I sighed, but started packing up my things. I felt hollowed out. Empty. Not afraid, of course. I bathed in fires of destruction and reveled in the screams of the defeated. I didn’t get afraid.
But maybe, deep down, I was . . . worried. Nedd dropping out had hit me harder than it should have.
I threw my pack on my shoulder and clipped the radio to its side. I set it to flash a light if M-Bot or someone else tried to contact me. I didn’t want him talking out of it while I walked the hallways, though I needn’t have worried. The building was empty; Cobb had dismissed us late, and the other flights had already gone to dinner. I didn’t spot any MPs or random support staff as I walked slowly toward the exit, my feet leaden.
I wasn’t certain I could keep doing this. Getting up early, working all morning on M-Bot. Getting wrung out by lessons each day, then trudging back to my cave at night. Sleeping fitfully, dreaming of the people I’d failed or—worse—having nightmares about running away . . .
“Pssst!”
I stopped, then glanced at the radio strapped to the side of my backpack.
“Pssssssssssssssssssssssssssssssttt! Spensa!”
I looked up and down the hallway. To my right—was that Kimmalyn there, in a doorway, wearing black? “Quirk?”
She waved me forward urgently. I frowned, suspicious.
Then I wanted to kick myself. Idiot. This is Kimmalyn.

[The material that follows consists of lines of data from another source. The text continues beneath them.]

Definition zcar (X : fzset) := 'I_(tag X).
Definition zact (X : fzset) (a : zcar X) : zcar X := val (tagged X) a.

Definition zhom (X Y : fzset) (f : zcar X -> zcar Y) : Prop :=
  forall a, f (zact a) = zact (f a).

Definition zset_iso (X Y : fzset) : Prop :=
  exists f : zcar X -> zcar Y, bijective f /\ zhom f.

Definition zset_decomp (X Y Z : fzset) : Prop :=
  exists (i : zcar Y -> zcar X) (j : zcar Z -> zcar X),
    [/\ injective i /\ injective j, zhom i, zhom j,
        (forall a b, i a <> j b) &
        (forall x, (exists a, i a = x) \/ (exists b, j b = x))].

Definition triv_zperm : {ffun 'I_1 -> 'I_1} := [ffun a => a].
Lemma triv_zpermP : injectiveb triv_zperm.
Proof. by apply/injectiveP => x y; rewrite !ffunE. Qed.
Definition unit_zset : fzset := Tagged zperm_on (exist _ triv_zperm triv_zpermP).

Definition prod_zperm (X Y : fzset) : {ffun 'I_#|{: zcar X * zcar Y}| -> 'I_#|{: zcar X * zcar Y}|} :=
  [ffun i => let x := enum_val i in enum_rank (zact x.1, zact x.2)].
Definition zset_prod (X Y : fzset) : fzset :=
  match insub (prod_zperm X Y) with
  | Some f => Tagged zperm_on f
  | None => unit_zset
  end.

(* Presentations of the Burnside rings: free abelian group on the      *)
(* generators, modulo the subgroup generated by the relations.         *)
Inductive zspan (G : zmodType) (P : G -> Prop) : G -> Prop :=
  | zspan0 : zspan P 0
  | zspanD x y : P x -> zspan P y -> zspan P (y + x)
  | zspanB x y : P x -> zspan P y -> zspan P (y - x).

Definition preBR := {freeg frack / int}.
Definition BR_rel (x : preBR) : Prop :=
  (exists R1 R2, rack_iso R1 R2 /\ x = << R1 >> - << R2 >>) \/
  (exists R S T, rack_decomp R S T /\ x = << R >> - (<< S >> + << T >>)).
Definition BR_eq (x y : preBR) : Prop := zspan BR_rel (x - y).
Definition BR_one : preBR := << unit_rack >>.
(* bilinear extension of b(R) b(R') = b(R x R') *)
Definition BR_mul (x y : preBR) : preBR :=
  fglift (fun R => fglift (fun S => << rack_prod R S >> : preBR) y) x.

Definition preBZ := {freeg fzset / int}.
Definition BZ_rel (x : preBZ) : Prop :=
  (exists X1 X2, zset_iso X1 X2 /\ x = << X1 >> - << X2 >>) \/
  (exists X Y Z, zset_decomp X Y Z /\ x = << X >> - (<< Y >> + << Z >>)).
Definition BZ_eq (x y : preBZ) : Prop := zspan BZ_rel (x - y).
Definition BZ_one : preBZ := << unit_zset >>.
Definition BZ_mul (x y : preBZ) : preBZ :=
  fglift (fun X => fglift (fun Y => << zset_prod X Y >> : preBZ) y) x.

(* A map of presentations inducing a (unital) ring homomorphism between
   the quotient rings (A/eqA, +, mulA, oneA) -> (B/eqB, +, mulB, oneB). *)
Definition induces_ring_hom (A B : zmodType)
  (eqA : A -> A -> Prop) (mulA : A -> A -> A) (oneA : A)
  (eqB : B -> B -> Prop) (mulB : B -> B -> B) (oneB : B) (f : A -> B) : Prop :=
  [/\ forall x y, eqA x y -> eqB (f x) (f y),
      forall x y, eqB (f (x + y)) (f x + f y),
      forall x y, eqB (f (mulA x y)) (mulB (f x) (f y)) &
      eqB (f oneA) oneB].

From HB Require Import structures.
From mathcomp Require Import all_boot all_order all_algebra.
From mathcomp Require Import freeg.
Set Implicit Arguments. Unset Strict Implicit. Unset Printing Implicit Defensive.
Import GRing.Theory.
Local Open Scope ring_scope.

(* A finite Z-set (X, pi) is a rack for a |> b := pi b (the permutation rack),
   and a finite rack R is a Z-set for the permutation a |-> a |> a, which is
   injective because (a |> a) |> b = a |> b.  Both constructions send
   isomorphisms, decompositions, products and the singleton to the same kind
   of data, so extended linearly to the free abelian groups on the generators
   they preserve the relations and induce unital ring homomorphisms between
   the presented Burnside rings.  The diagonal permutation of the permutation
   rack of (X, pi) is pi itself, so the composite is the identity. *)

Section SubgroupSpan.
Variables (G : zmodType) (P : G -> Prop).

Lemma zspan_rel x : P x -> zspan P x.
Proof. by move=> Px; rewrite -[x]add0r; apply: zspanD => //; apply: zspan0. Qed.

Lemma zspan_add a b : zspan P a -> zspan P b -> zspan P (a + b).
Proof.
move=> Pa; elim=> [|x y Px _ IH|x y Px _ IH]; first by rewrite addr0.
  by rewrite addrA; apply: zspanD.
by rewrite addrA; apply: zspanB.
Qed.

Lemma zspan_opp a : zspan P a -> zspan P (- a).
Proof.
elim=> [|x y Px _ IH|x y Px _ IH]; first by rewrite oppr0; apply: zspan0.
  by rewrite opprD; apply: zspanB.
by rewrite opprD opprK; apply: zspanD.
Qed.

Lemma zspan_mulrz a (n : int) : zspan P a -> zspan P (a *~ n).
Proof.
move=> Pa; have Pan m : zspan P (a *+ m).
  elim: m => [|m IH]; first by rewrite mulr0n; apply: zspan0.
  by rewrite mulrS; apply: zspan_add.
by case: n => m; rewrite ?NegzE ?mulrNz -pmulrn //; apply: zspan_opp.
Qed.

Lemma zspan_sum (I : Type) (s : seq I) (F : I -> G) :
  (forall i, zspan P (F i)) -> zspan P (\sum_(i <- s) F i).
Proof.
move=> PF; elim: s => [|i s IH]; first by rewrite big_nil; apply: zspan0.
by rewrite big_cons; apply: zspan_add.
Qed.

End SubgroupSpan.

Lemma zspan_additive (G H : zmodType) (P : G -> Prop) (Q : H -> Prop)
    (f : {additive G -> H}) x :
  (forall y, P y -> Q (f y)) -> zspan P x -> zspan Q (f x).
Proof.
move=> PQ; elim=> [|a b Pa _ IH|a b Pa _ IH]; first by rewrite raddf0; apply: zspan0.
  by rewrite raddfD; apply: zspanD; first exact: PQ.
by rewrite raddfB; apply: zspanB; first exact: PQ.
Qed.

HB.instance Definition _ (K : choiceType) (M : lmodType int) (g : K -> M) :=
  GRing.isZmodMorphism.Build _ _ (fglift g) (lift_is_additive g).

Lemma scaler_intz (M : lmodType int) (k : int) (v : M) : k *: v = v *~ k.
Proof. by rewrite -[in LHS](intz k) scaler_int. Qed.

Lemma fglift_freegU (K : choiceType) (M : lmodType int) (g : K -> M) (z : K) :
  fglift g << z >> = g z.
Proof. by rewrite liftU scale1r. Qed.

Lemma fgliftE (K : choiceType) (M : lmodType int) (g : K -> M)
    (D : {freeg K / int}) :
  fglift g D = \sum_(z <- dom D) coeff z D *: g z.
Proof.
rewrite -{1}[D]freeg_sumE raddf_sum; apply: eq_bigr => z _; exact: liftU.
Qed.

Lemma fglift_comp (K L : choiceType) (M : lmodType int)
    (g : L -> {freeg K / int}) (h : K -> M) D :
  fglift h (fglift g D) = fglift (fun z => fglift h (g z)) D.
Proof.
rewrite (fgliftE g) (fgliftE (fun z => fglift h (g z))) raddf_sum.
by apply: eq_bigr => z _; rewrite !scaler_intz raddfMz.
Qed.

Lemma zspan_fglift (K : choiceType) (M : lmodType int) (P : M -> Prop)
    (g h : K -> M) D :
  (forall z, zspan P (g z - h z)) -> zspan P (fglift g D - fglift h D).
Proof.
move=> Pgh; rewrite !fgliftE -sumrB; apply: zspan_sum => z.
by rewrite -scalerBr scaler_intz; apply: zspan_mulrz.
Qed.

Lemma fglift_freegU_id (K : choiceType) (D : {freeg K / int}) :
  fglift (fun z => << z >>) D = D.
Proof.
rewrite fgliftE -[RHS]freeg_sumE; apply: eq_bigr => z _.
by rewrite scaler_intz freegU_mulz intz.
Qed.

(* [BZ_eq], [BZ_mul], [BR_eq] and [BR_mul] are instances of these by conversion. *)
Section BurnsidePresentation.
Variables (K : choiceType) (iso : K -> K -> Prop) (decomp : K -> K -> K -> Prop)
  (prod : K -> K -> K).

Definition burnside_rel (x : {freeg K / int}) : Prop :=
  (exists a b, iso a b /\ x = << a >> - << b >>) \/
  (exists a b c, decomp a b c /\ x = << a >> - (<< b >> + << c >>)).

Definition burnside_eq (x y : {freeg K / int}) : Prop := zspan burnside_rel (x - y).

Definition burnside_mul (x y : {freeg K / int}) : {freeg K / int} :=
  fglift (fun a => fglift (fun b => << prod a b >> : {freeg K / int}) y) x.
(** * Commutation implies correctability *)

Lemma poly_interpolation (F : fieldType) (s : seq F) (f : F -> F) :
  exists p : {poly F}, {in s, forall x, p.[x] = f x}.
Proof.
elim: s => [|x s [p p_f]]; first by exists 0.
have [xs | xNs] := boolP (x \in s).
  by exists p => y; rewrite inE => /predU1P [-> |]; apply: p_f.
set q := \prod_(y <- s) ('X - y%:P).
have qx_neq0 : q.[x] != 0.
  rewrite horner_prod prodf_seq_neq0; apply/allP => y ys /=.
  by rewrite hornerXsubC subr_eq0; apply: contraNneq xNs => ->.
exists (p + ((f x - p.[x]) / q.[x]) *: q) => y; rewrite inE hornerD hornerZ.
case/predU1P => [-> | ys]; first by rewrite mulfVK // addrC subrK.
have -> : q.[y] = 0.
  apply/eqP; rewrite horner_prod prodf_seq_eq0; apply/hasP.
  by exists y; rewrite //= hornerXsubC subrr.
by rewrite mulr0 addr0 p_f.
Qed.

(* f(G) for a normal G = U^* diag(d) U; locked because rewriting with matrix
   product lemmas would otherwise unfold it. *)
Definition mx_fun (C : numClosedFieldType) n (G : 'M[C]_n) (f : C -> C) :=
  locked (hc (spectralmx G) *m diag_mx (map_mx f (spectral_diag G))
          *m spectralmx G).

Lemma mx_funE (C : numClosedFieldType) n (G : 'M[C]_n) f :
  mx_fun G f
  = hc (spectralmx G) *m diag_mx (map_mx f (spectral_diag G)) *m spectralmx G.
Proof. by rewrite /mx_fun -lock. Qed.

Section FunctionalCalculus.
Variables (C : numClosedFieldType) (n : nat) (G : 'M[C]_n).
Hypothesis G_normal : G \is normalmx.
Local Notation U := (spectralmx G).
Local Notation d := (spectral_diag G).
Implicit Types f g : C -> C.

Let U_hcU : U *m hc U = 1%:M.
Proof. by rewrite hc_trmxC; apply/unitarymxP; apply: spectral_unitarymx. Qed.

Let hcU_U : hc U *m U = 1%:M.
Proof. exact: mulmx1C U_hcU. Qed.

Lemma mx_fun_id : mx_fun G id = G.
Proof.
rewrite mx_funE map_mx_id // [RHS](orthomx_spectralP G_normal).
by rewrite invmx_unitary ?spectral_unitarymx // hc_trmxC.
Qed.

Lemma mx_funM f g : mx_fun G f *m mx_fun G g = mx_fun G (fun x => f x * g x).
Proof.
rewrite !mx_funE -!mulmxA (mulmxA U) U_hcU mul1mx (mulmxA (diag_mx _)) mulmx_diag.
by congr (_ *m (diag_mx _ *m _)); apply/rowP => j; rewrite !mxE.
Qed.

Lemma eq_mx_fun f g : (forall j, f (d 0 j) = g (d 0 j)) -> mx_fun G f = mx_fun G g.
Proof.
move=> fg; rewrite !mx_funE; congr (_ *m diag_mx _ *m _).
by apply/rowP => j; rewrite !mxE.
Qed.

Lemma mx_fun_exp i : mx_fun G (fun x => x ^+ i) = G ^+ i.
Proof.
elim: i => [|i IHi].
  rewrite expr0 mx_funE (_ : map_mx _ _ = const_mx 1).
    by rewrite diag_const_mx mul_mx_scalar scale1r hcU_U.
  by apply/rowP => j; rewrite !mxE.
rewrite exprS -IHi -[G in G * _]mx_fun_id -mulmxE mx_funM.
by apply: eq_mx_fun => j; rewrite exprS.
Qed.

Lemma hc_mx_fun f : hc (mx_fun G f) = mx_fun G (fun x => (f x)^*).
Proof.
rewrite !mx_funE !hcM hcK mulmxA /hc map_diag_mx tr_diag_mx -map_mx_comp.
by rewrite -/(hc _).
Qed.

Lemma mx_fun_horner p :
  mx_fun G (horner p) = \sum_(i < size p) p`_i *: G ^+ i.
Proof.
rewrite mx_funE (_ : map_mx _ d = \sum_(i < size p) p`_i *: map_mx (fun x => x ^+ i) d).
  rewrite linear_sum mulmx_sumr mulmx_suml; apply: eq_bigr => i _.
  by rewrite linearZ -scalemxAr -scalemxAl -mx_fun_exp mx_funE.
apply/rowP => j; rewrite summxE !mxE horner_coef.
by apply: eq_bigr => i _; rewrite !mxE.
Qed.

Lemma mx_fun_polynomial f : exists p : {poly C},
  mx_fun G f = \sum_(i < size p) p`_i *: G ^+ i.
Proof.
have [p p_f] := poly_interpolation [seq d 0 j | j <- enum 'I_n] f.
exists p; rewrite -mx_fun_horner; apply: eq_mx_fun => j; rewrite p_f //.
by apply: map_f; rewrite mem_enum.
Qed.

Lemma spectral_diag_ge0 j :
  (forall v : 'cV[C]_n, 0 <= (hc v *m G *m v) 0 0) -> 0 <= d 0 j.
Proof.
move=> G_psd; have := G_psd (hc U *m delta_mx j 0).
rewrite hcM hcK -[G in _ *m G *m _]mx_fun_id mx_funE map_mx_id //.
by rewrite -!mulmxA !(mulmxA U) !U_hcU !mul1mx mulmxA delta_form mxE eqxx mulr1n.
Qed.

End FunctionalCalculus.

Section Recovery.
Variables (C : numClosedFieldType) (n m : nat).
Variables (P : 'M[C]_n) (N : 'I_m -> 'M[C]_n) (A : 'M[C]_n -> Prop).
Hypotheses (N_tp : \sum_a hc (N a) *m N a = P) (A_P : forall X, A X -> X *m P = X).
Hypothesis N_comm : forall X, A X -> forall b c, comm_mx (hc (N c) *m N b) X.

Let G := \sum_b N b *m hc (N b).

Let G_herm : hc G = G.
Proof. by rewrite raddf_sum; apply: eq_bigr => b _; rewrite /= hcM hcK. Qed.

Let G_normal : G \is normalmx.
Proof. by apply/normalmxP; rewrite -hc_trmxC G_herm. Qed.

Let G_psd (v : 'cV[C]_n) : 0 <= (hc v *m G *m v) 0 0.
Proof.
rewrite mulmx_sumr mulmx_suml summxE; apply: sumr_ge0 => b _.
suff -> : hc v *m (N b *m hc (N b)) *m v = hc v *m N b *m hc (hc v *m N b).
  exact: gram_diag_ge0.
by rewrite hcM hcK !mulmxA.
Qed.

Let commuting Y := forall a c X, A X -> comm_mx X (hc (N a) *m Y *m N c).

(* hc (N a) *m (G *m Y) *m N c = sum_b (hc (N a) *m N b) *m (hc (N b) *m Y *m N c) *)
Let commuting_exp i : commuting (G ^+ i).
Proof.
elim: i => [|i IHi] a c X AX.
  by rewrite expr0 mulmx1; apply/comm_mx_sym/N_comm.
rewrite exprS -mulmxE /G mulmx_suml mulmx_sumr mulmx_suml.
apply: big_ind => [|M1 M2|b _]; [exact: comm_mx0 | exact: comm_mxD |].
rewrite !mulmxA -!(mulmxA (hc (N a) *m N b)).
by apply: comm_mxM; [apply/comm_mx_sym/N_comm | apply: IHi].
Qed.
Variables (u : R -> R) (M al c a h : R).
Hypothesis Hal : 0 < al < 1.
Hypothesis Hh : 0 < h.
Hypothesis Hc : a + h < c.
Hypothesis Hu1 : forall t, a <= t <= a + h -> ex_derive u t.
Hypothesis Hu2 : forall t, a <= t <= a + h -> ex_derive (Derive u) t.
Hypothesis HM : forall t, a <= t <= a + h -> Rabs (Derive (Derive u) t) <= M.

Let slope := (u (a + h) - u a) / h.

Lemma ex_RInt_cell_majorant :
  ex_RInt (fun s => M / 2 * al * ((s - a) * (a + h - s) * Rpower (c - s) (- al - 1))) a (a + h).
Proof.
  apply ex_RInt_continuous_on; [lra|]. intros t Ht.
  apply (continuous_scal_r (M / 2 * al)
           (fun s => (s - a) * (a + h - s) * Rpower (c - s) (- al - 1))).
  apply (continuous_mult (fun s => (s - a) * (a + h - s))).
  - apply (ex_derive_continuous (V := R_NormedModule)). auto_derive. exact I.
  - apply continuous_Rpower_sub. lra.
Qed.

Lemma cell_error_le_RInt :
  Rabs (RInt (fun s => (Derive u s - slope) * Rpower (c - s) (- al)) a (a + h)) <=
  RInt (fun s => M / 2 * al * ((s - a) * (a + h - s) * Rpower (c - s) (- al - 1))) a (a + h).
Proof.
  destruct (RInt_kernel_by_parts u a (a + h) c al slope ltac:(lra) Hu1 Hu2) as [_ [X2 ->]].
  replace (u (a + h) - u a - slope * (a + h - a)) with 0 by (unfold slope; field; lra).
  rewrite Rmult_0_l, Rminus_0_l, Rabs_Ropp.
  apply abs_RInt_le_RInt; [lra | exact X2 | exact ex_RInt_cell_majorant |].
  intros z Hz. rewrite Rabs_mult.
  rewrite (Rabs_pos_eq (al * _)) by (apply Rmult_le_pos; [lra | apply Rlt_le, Rpower_pos]).
  pose proof (linear_interpolation_error u a (a + h) M ltac:(lra) Hu1 Hu2 HM z Hz) as Hint.
  replace (a + h - a) with h in Hint by ring.
  pose proof (Rpower_pos (c - z) (- al - 1)).
  apply Rle_trans with (M / 2 * (z - a) * (a + h - z) * (al * Rpower (c - z) (- al - 1))).
  - apply Rmult_le_compat_r; [apply Rmult_le_pos; lra | exact Hint].
  - right. ring.
Qed.

Lemma cell_error_le_far :
  Rabs (RInt (fun s => (Derive u s - slope) * Rpower (c - s) (- al)) a (a + h)) <=
  M / 2 * al * Rpower (c - (a + h)) (- al - 1) * (h ^ 3 / 6).
Proof.
  apply (Rle_trans _ _ _ cell_error_le_RInt).
  assert (HM0 : 0 <= M)
    by (pose proof (HM a ltac:(lra)); pose proof (Rabs_pos (Derive (Derive u) a)); lra).
  set (k := M / 2 * al * Rpower (c - (a + h)) (- al - 1)).
  assert (Hk : is_RInt (fun s => k * ((s - a) * (a + h - s))) a (a + h) (k * (h ^ 3 / 6))).
  { pose proof (is_RInt_scal _ _ _ k _ (is_RInt_parabola a (a + h))) as P.
    replace (a + h - a) with h in P by ring. exact P. }
  rewrite <- (is_RInt_unique (V := R_CompleteNormedModule) _ _ _ _ Hk).
  apply RInt_le; [lra | exact ex_RInt_cell_majorant | eexists; exact Hk |].
  intros x Hx. unfold k.
  pose proof (Rle_Rpower_l_nonpos (c - (a + h)) (c - x) (- al - 1) ltac:(lra) ltac:(lra)).
  assert (0 <= M / 2 * al * ((x - a) * (a + h - x))) by (apply Rmult_le_pos; [nra | nra]).
  nra.
Qed.

Lemma cell_error_le_adjacent : c = a + 2 * h ->
  Rabs (RInt (fun s => (Derive u s - slope) * Rpower (c - s) (- al)) a (a + h)) <=
  M / 2 * (h ^ 2 * Rpower h (- al) * adjacent_cell_const al / (1 - al)).
Proof.
  intros Ec. apply (Rle_trans _ _ _ cell_error_le_RInt). rewrite Ec. right.
  pose proof (is_RInt_scal _ _ _ (M / 2 * al) _ (is_RInt_adjacent_cell a h al Hh Hal)) as P.
  change scal with Rmult in P.
  rewrite (is_RInt_unique (V := R_CompleteNormedModule) _ _ _ _ P). field. lra.
Qed.

End CellError.

(** * The last cell *)

Section LastCell.

Variables (u : R -> R) (M al a h : R).
Hypothesis Hal : 0 < al < 1.
Hypothesis Hh : 0 < h.
Hypothesis Hu1 : forall t, a <= t <= a + h -> ex_derive u t.
Hypothesis Hu2 : forall t, a <= t <= a + h -> ex_derive (Derive u) t.
Hypothesis HM : forall t, a <= t <= a + h -> Rabs (Derive (Derive u) t) <= M.

Let c := a + h.
Let slope := (u c - u a) / h.
Let residual (s : R) := u s - u a - slope * (s - a).
Let residual_integrand (s : R) := residual s * (al * Rpower (c - s) (- al - 1)).
Let residual_integral (b : R) := RInt residual_integrand a b.
Let majorant (s : R) := M / 2 * al * ((s - a) * Rpower (c - s) (- al)).

Lemma last_cell_M_nonneg : 0 <= M.
Proof. pose proof (HM a ltac:(lra)). pose proof (Rabs_pos (Derive (Derive u) a)). lra. Qed.

Lemma at_left_last_cell : at_left c (fun b => a < b < c).
Proof.
  exists (mkposreal h Hh). intros x Hx Hxc. change (Rabs (x - c) < h) in Hx.
  apply Rabs_def2 in Hx. unfold c in *. lra.
Qed.

Lemma residual_bound (z : R) : a <= z <= c -> Rabs (residual z) <= M / 2 * (z - a) * (c - z).
Proof.
  intros Hz.
  pose proof (linear_interpolation_error u a c M ltac:(unfold c; lra) Hu1 Hu2 HM z Hz) as H.
  replace (c - a) with h in H by (unfold c; ring). exact H.
Qed.

Lemma residual_integrand_le_majorant (z : R) : a <= z < c ->
  Rabs (residual_integrand z) <= majorant z.
Proof.
  intros Hz. unfold residual_integrand, majorant. rewrite Rabs_mult.
  rewrite (Rabs_pos_eq (al * _)) by (apply Rmult_le_pos; [lra | apply Rlt_le, Rpower_pos]).
  destruct (Rpower_shifts (c - z) al ltac:(lra)) as [Hshift _]. rewrite Hshift.
  pose proof (residual_bound z ltac:(lra)). pose proof (Rpower_pos (c - z) (- al - 1)).
  apply Rle_trans with (M / 2 * (z - a) * (c - z) * (al * Rpower (c - z) (- al - 1))).
  - apply Rmult_le_compat_r; [apply Rmult_le_pos; lra | assumption].
  - right. ring.
Qed.

Lemma ex_RInt_residual_integrand (b : R) : a <= b < c -> ex_RInt residual_integrand a b.
Proof.
  intros Hb. destruct (RInt_kernel_by_parts u a b c al slope Hb) as [_ [X _]]; [..|exact X];
    intros t Ht; [apply Hu1 | apply Hu2]; unfold c in Hb; lra.
Qed.

Lemma is_RInt_majorant (b : R) : a <= b < c ->
  is_RInt majorant a b (M / 2 * al * (last_cell_primitive a h al b - last_cell_primitive a h al a)).
Proof.
  intros Hb. exact (is_RInt_scal _ _ _ (M / 2 * al) _ (is_RInt_last_cell a h al b Hh Hal Hb)).
Qed.

Lemma majorant_integral_limit :
  filterlim (fun b => RInt majorant a b) (at_left c)
    (locally (M / 2 * al * (0 + - last_cell_primitive a h al a))).
Proof.
  apply (filterlim_ext_loc (fun b => M / 2 * al * (last_cell_primitive a h al b
                                                   + - last_cell_primitive a h al a))).
  - eapply filter_imp; [|exact at_left_last_cell]. intros b Hb. symmetry.
    rewrite (is_RInt_unique (V := R_CompleteNormedModule) _ _ _ _ (is_RInt_majorant b ltac:(lra))).
    ring.
  - apply filterlim_Rmult_l, filterlim_Rplus; [|apply filterlim_const]. unfold last_cell_primitive.
    replace 0 with (- h / (1 - al) * 0 + / (2 - al) * 0) by ring.
    apply (filterlim_ext (fun b => - h / (1 - al) * Rpower (c - b) (1 - al)
                                   + / (2 - al) * Rpower (c - b) (2 - al)));
      [intros b; unfold c; field; lra|].
    apply filterlim_Rplus; apply filterlim_Rmult_l, Rpower_sub_at_left; lra.
Qed.

(* The improper integral of the residual converges by comparison with the majorant, whose
   primitive [last_cell_primitive] is nonpositive before [c] and vanishes at [c]. *)
Lemma residual_integral_limit :
  exists J, filterlim residual_integral (at_left c) (locally J) /\
    Rabs J <= M / 2 * al * (h ^ 2 * Rpower h (- al) / ((1 - al) * (2 - al))).
Proof.
  pose proof last_cell_M_nonneg.
  destruct (ex_filterlim_by_comparison (PF := at_left_proper_filter c) residual_integral
              (fun b => RInt majorant a b) (fun b => a < b < c)
              (M / 2 * al * (0 + - last_cell_primitive a h al a)) at_left_last_cell) as [J HJ];
    [| exact majorant_integral_limit |].
  - intros x y Hx Hy.
    apply abs_RInt_diff_le;
      [apply ex_RInt_residual_integrand; lra | apply ex_RInt_residual_integrand; lra
      | eexists; apply is_RInt_majorant; lra | eexists; apply is_RInt_majorant; lra |].
    intros z Hz. apply residual_integrand_le_majorant. split.
    + apply Rle_trans with (Rmin x y); [apply Rmin_glb|]; lra.
    + apply Rle_lt_trans with (Rmax x y); [lra | apply Rmax_lub_lt; lra].
  - exists J. split; [exact HJ|].
    apply (filterlim_Rabs_le (PF := at_left_proper_filter c) residual_integral); [|exact HJ].
    eapply filter_imp; [|exact at_left_last_cell]. intros b Hb.
    eapply Rle_trans.
    { apply (abs_RInt_le_RInt _ majorant a b);
        [lra | apply ex_RInt_residual_integrand; lra | eexists; apply is_RInt_majorant; lra
        | intros z Hz; apply residual_integrand_le_majorant; lra]. }
    rewrite (is_RInt_unique (V := R_CompleteNormedModule) _ _ _ _ (is_RInt_majorant b ltac:(lra))).
    rewrite <- (last_cell_primitive_left a h al Hh Hal).
    pose proof (last_cell_primitive_nonpos a h al b Hh Hal ltac:(unfold c in Hb; lra)).
    apply Rmult_le_compat_l; [apply Rmult_le_pos; lra | lra].
Qed.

I walked to her. “What are you—”
“Shhh!” she said, then scrambled down the hallway and peeked around a corner. She waved at me to follow, and more confused than anything else, I did.
This continued for a couple of turns through empty corridors—we even had to pull into the bathroom and she made me wait with her there, explaining nothing, until we finally reached a hallway lined with doors. The girls’ bunks. Two unfamiliar young women—wearing flight suits and the patch of Stardragon Flight—stood chatting outside one of the rooms.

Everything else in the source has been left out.